Alyce, living an idyllic life at her grandmother’s cottage (very Wonderland in itself), has a soggy note come flying out of nowhere and plaster itself to her face. It was an oddly incoherent cry for help to Alice (she couldn’t quite make out the words, but assumed it meant her grandmother) and to come as soon as possible to Wonderland..
Right after that happens, she accidentally steps too far into the pond and starts sinking. And sinking. And sinking. And finds she can breathe. Fish go by, then more creatures and objects and things, until it becomes a dry hole, very much like the original entry to Wonderland. She’d always wondered about her grandmother’s stories about Wonderland, and figured they were just that: stories. Yet her grandmother always spoke as if it were true.

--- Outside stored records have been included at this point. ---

Lemma rpow_le_compat x y p : 0 <= p -> 0 <= x <= y -> rpow x p <= rpow y p.
Proof.
  intros Hp [Hx Hxy]. destruct (Req_dec x 0).
  - subst. rewrite rpow_nonpos by lra. apply rpow_ge0.
  - rewrite !rpow_Rpower by lra. apply Rle_Rpower_l; lra.
Qed.

Lemma Rpower_1_base p : Rpower 1 p = 1.
Proof. unfold Rpower. now rewrite ln_1, Rmult_0_r, exp_0. Qed.

Lemma rpow_lipschitz_ordered p M x y : 1 <= p -> 0 <= x <= y -> y <= M ->
  Rabs (rpow x p - rpow y p) <= p * Rpower M (p - 1) * (y - x).
Proof.
  intros Hp Hxy HyM. destruct (Req_dec x y).
  { subst. rewrite Rminus_diag, Rabs_R0, Rminus_diag, Rmult_0_r. lra. }
  assert (HM : 0 < Rpower M (p - 1)) by apply exp_pos.
  destruct (Req_dec x 0) as [->|Hx0].
  - rewrite rpow_nonpos, rpow_Rpower by lra.
    replace (Rpower y p) with (y * Rpower y (p - 1)).
    2:{ rewrite <- (Rpower_1 y) at 1 by lra. rewrite <- Rpower_plus. f_equal; ring. }
    assert (0 < Rpower y (p - 1)) by apply exp_pos.
    assert (Rpower y (p - 1) <= Rpower M (p - 1)) by (apply Rle_Rpower_l; lra).
    rewrite Rminus_0_l, Rabs_Ropp, Rabs_pos_eq by nra.
    assert (y * Rpower y (p - 1) <= y * Rpower M (p - 1)) by (apply Rmult_le_compat_l; lra).
    assert (0 <= (p - 1) * (Rpower M (p - 1) * y)) by (apply Rmult_le_pos; nra). nra.
  - rewrite !rpow_Rpower by lra.
    destruct (MVT_cor2 (fun t => Rpower t p) (fun t => p * Rpower t (p - 1)) x y)
      as [c [E Hc]]; [lra| intros c Hc; apply derivable_pt_lim_power; lra |].
    rewrite <- Rabs_Ropp, Ropp_minus_distr, E.
    assert (Rpower c (p - 1) <= Rpower M (p - 1)) by (apply Rle_Rpower_l; lra).
    assert (0 < Rpower c (p - 1)) by apply exp_pos.
    rewrite Rabs_mult, Rabs_pos_eq, Rabs_pos_eq by nra.
    apply Rmult_le_compat_r; nra.
Qed.

Lemma rpow_lipschitz p M x y : 1 <= p -> 0 <= x <= M -> 0 <= y <= M ->
  Rabs (rpow x p - rpow y p) <= p * Rpower M (p - 1) * Rabs (x - y).
Proof.
  intros Hp Hx Hy. destruct (Rle_dec x y).
  - rewrite (Rabs_minus_sym x y), (Rabs_pos_eq (y - x)) by lra.
    apply rpow_lipschitz_ordered; lra.
  - rewrite (Rabs_minus_sym (rpow x p)), (Rabs_pos_eq (x - y)) by lra.
    apply rpow_lipschitz_ordered; lra.
Qed.

Lemma unif_cont_rpow_trig_eval M c p : 1 <= p ->
  unif_cont2 (fun x1 x2 => rpow (Cmod (trig_eval M c x1 x2)) p).
Proof.
  intros Hp e He. set (M0 := Rsum (box M) (fun k => Cmod (c k)) + 1).
  assert (Hbound : forall a b, 0 <= Cmod (trig_eval M c a b) <= M0).
  { intros; split; [apply Cmod_ge0|]. pose proof (Cmod_trig_eval_le M c a b). unfold M0; lra. }
  assert (HM0 : 0 < M0)
    by (pose proof (Rsum_nonneg (box M) (fun k => Cmod (c k)) (fun k _ => Cmod_ge0 _)); unfold M0; lra).
  set (A := p * Rpower M0 (p - 1)). assert (HA : 0 < A) by (pose proof (exp_pos ((p - 1) * ln M0)); unfold A, Rpower; nra).
  set (L := trig_lip_const M c). assert (HL : 0 <= L) by apply trig_lip_const_ge0.
  exists (e / (2 * A * (L + 1))). split; [apply Rdiv_lt_0_compat; nra|].
  intros x1 x2 y1 y2 H1 H2.
  eapply Rle_trans; [apply (rpow_lipschitz p M0); auto|]. fold A.
  eapply Rle_trans.
  { apply Rmult_le_compat_l; [lra|]. eapply Rle_trans; [apply Cmod_triang_inv|].
    apply trig_eval_lipschitz. }
  fold L. apply Rle_trans with (A * (L * (2 * (e / (2 * A * (L + 1)))))).
  - apply Rmult_le_compat_l; [lra|]. apply Rmult_le_compat_l; lra.
  - replace (A * (L * (2 * (e / (2 * A * (L + 1)))))) with (e * (L / (L + 1))) by (field; lra).
    assert (L / (L + 1) <= 1) by (apply Rmult_le_reg_r with (L + 1); [lra|]; field_simplify; lra).
    assert (0 <= L / (L + 1)) by (apply Rmult_le_pos; [lra|apply Rlt_le, Rinv_0_lt_compat; lra]).
    nra.
Qed.

(** * Fourier coefficients and the [L^p] norm *)

Lemma sin_cos_2PI_mul m : sin (2 * PI * IZR m) = 0 /\ cos (2 * PI * IZR m) = 1.
Proof.
  assert (S0 : sin (PI * IZR m) = 0) by (apply sin_eq_0_1; exists m; ring).
  split.
  - apply sin_eq_0_1. exists (2 * m)%Z. rewrite mult_IZR. ring.
  - replace (2 * PI * IZR m) with (2 * (PI * IZR m)) by ring. rewrite cos_2a_sin, S0. ring.
Qed.

(* Lagrange's trigonometric identities, by telescoping against [2 sin (th/2)]. *)
Lemma nsum_cos_mul th n :
  2 * sin (th / 2) * nsum (fun a => cos (INR a * th)) n = sin ((INR n - / 2) * th) + sin (th / 2).
Proof.
  rewrite <- nsum_scal.
  rewrite (nsum_ext _ (fun a => sin ((INR (S a) - / 2) * th) - sin ((INR a - / 2) * th))).
  - pose proof (nsum_telescope (fun a => sin ((INR a - / 2) * th)) n) as T. cbv beta in T.
    rewrite T. replace ((INR 0 - / 2) * th) with (- (th / 2)) by (simpl; field).
    rewrite sin_neg. ring.
  - intros a _. rewrite S_INR.
    replace ((INR a + 1 - / 2) * th) with (INR a * th + th / 2) by field.
    replace ((INR a - / 2) * th) with (INR a * th - th / 2) by field.
    rewrite sin_plus, sin_minus. ring.
Qed.

Lemma nsum_sin_mul th n :
  2 * sin (th / 2) * nsum (fun a => sin (INR a * th)) n = cos (th / 2) - cos ((INR n - / 2) * th).
Proof.
  rewrite <- nsum_scal.
  rewrite (nsum_ext _ (fun a => - cos ((INR (S a) - / 2) * th) - - cos ((INR a - / 2) * th))).
  - pose proof (nsum_telescope (fun a => - cos ((INR a - / 2) * th)) n) as T. cbv beta in T.
    rewrite T. replace ((INR 0 - / 2) * th) with (- (th / 2)) by (simpl; field).
    rewrite cos_neg. ring.
  - intros a _. rewrite S_INR.
    replace ((INR a + 1 - / 2) * th) with (INR a * th + th / 2) by field.
    replace ((INR a - / 2) * th) with (INR a * th - th / 2) by field.
    rewrite cos_plus, cos_minus. ring.
Qed.

Lemma grid_sum_Cexpi n m : (Z.abs m <= Z.of_nat n)%Z ->
  Csum (seq 0 (S n)) (fun a => Cexpi (IZR m * grid_pt n a)) =
  if Z.eq_dec m 0 then (INR (S n), 0) else C0.
Proof.
  intros Hm. rewrite Csum_seq. unfold Cexpi; cbn [fst snd]. destruct (Z.eq_dec m 0).
  { subst. f_equal.
    - rewrite (nsum_ext _ (fun _ => 1)), nsum_const; [ring|].
      intros; now rewrite Rmult_0_l, cos_0.
    - rewrite (nsum_ext _ (fun _ => 0)), nsum_const; [ring|].
      intros; now rewrite Rmult_0_l, sin_0. }
  pose proof PI_RGT_0. assert (Hn : 0 < INR (S n)) by (apply lt_0_INR; lia).
  set (th := 2 * PI * IZR m / INR (S n)).
  assert (Eg : forall a, IZR m * grid_pt n a = INR a * th) by (intros; unfold th, grid_pt; field; lra).
  (* [0 < |m| <= n] keeps [th / 2] away from the zeros of [sin] *)
  assert (Hs : sin (th / 2) <> 0).
  { intros E. apply sin_eq_0_0 in E. destruct E as [k Ek].
    assert (E' : IZR m = IZR k * INR (S n)).
    { apply Rmult_eq_reg_l with PI; [|lra].
      replace (PI * IZR m) with (th / 2 * INR (S n)) by (unfold th; field; lra).
      rewrite Ek. ring. }
    rewrite INR_IZR_INZ, <- mult_IZR in E'. apply eq_IZR in E'. subst m.
    destruct (Z.eq_dec k 0); [subst; simpl in n0; congruence|nia]. }
  destruct (sin_cos_2PI_mul m) as [S1 C1].
  assert (Hend : (INR (S n) - / 2) * th = 2 * PI * IZR m - th / 2) by (unfold th; field; lra).
  unfold C0; f_equal; apply Rmult_eq_reg_l with (2 * sin (th / 2)); try lra;
    rewrite Rmult_0_r, (nsum_ext _ _ _ (fun a _ => f_equal _ (Eg a))).
  - rewrite nsum_cos_mul, Hend, sin_minus, S1, C1. ring.
  - rewrite nsum_sin_mul, Hend, cos_minus, S1, C1. ring.
Qed.

Definition grid_sum2 (n : nat) (F : R -> R -> Cx) : Cx :=
  Csum (seq 0 (S n)) (fun a => Csum (seq 0 (S n)) (fun b => F (grid_pt n a) (grid_pt n b))).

And now here is Alyce, discovering it’s true indeed.
Wonderland is not as it was: a war is on (WWII is just over at home, and they still remember the hard times and are still on rations) — the Queen of the Night (the Night Queen) and the King of the Day (the Sun King) are at war with each other over a “stolen hour”, so the “lights” go off and on randomly, leaving Wonderland tattered, not working right (even though it was a quiet chaos already), and the inhabitants unhappy and stressed. Even the Stars left — the heavens are dark as dark can be.
Alyce immediately finds the Tea Party, but everything is broken, the table is tiny, and even the Hatter is stressed and angry and sad. They had been waiting for Alice to come fix everything. Well, Alyce will do — and the chaotic and charmingly Wonderland-ish adventure begins.
A sailor fox is met (as is the Caterpillar and of course the White Rabbit, whose duty now is to check everyone’s Papers); the fox becomes Alyce’s guide, friend, and confidante. The world building is very Carroll-ian: chaos meets charming at every turn. And yet over-looming it all, until Alyce solves the issue to hand, is a War.
Adventures are had, impossible things abound, and the prose is so very Carroll-ish that this reader was enchanted from the start. The story is indeed a journey of Alyce’s discovery of her own abilities and self reliance.
Needless to say, Alyce does save Wonderland, and with a clever nod to Joyce’s Ulysses, c/o the Caterpillar (who found the sheet of paper he was using as an umbrella against the wind “inedible”) we do indeed find that “the longest way round is the shortest way home.”
Highly recommended for middle reader through YA and certainly adults who enjoy a clever fairytale and loved the original Wonderland.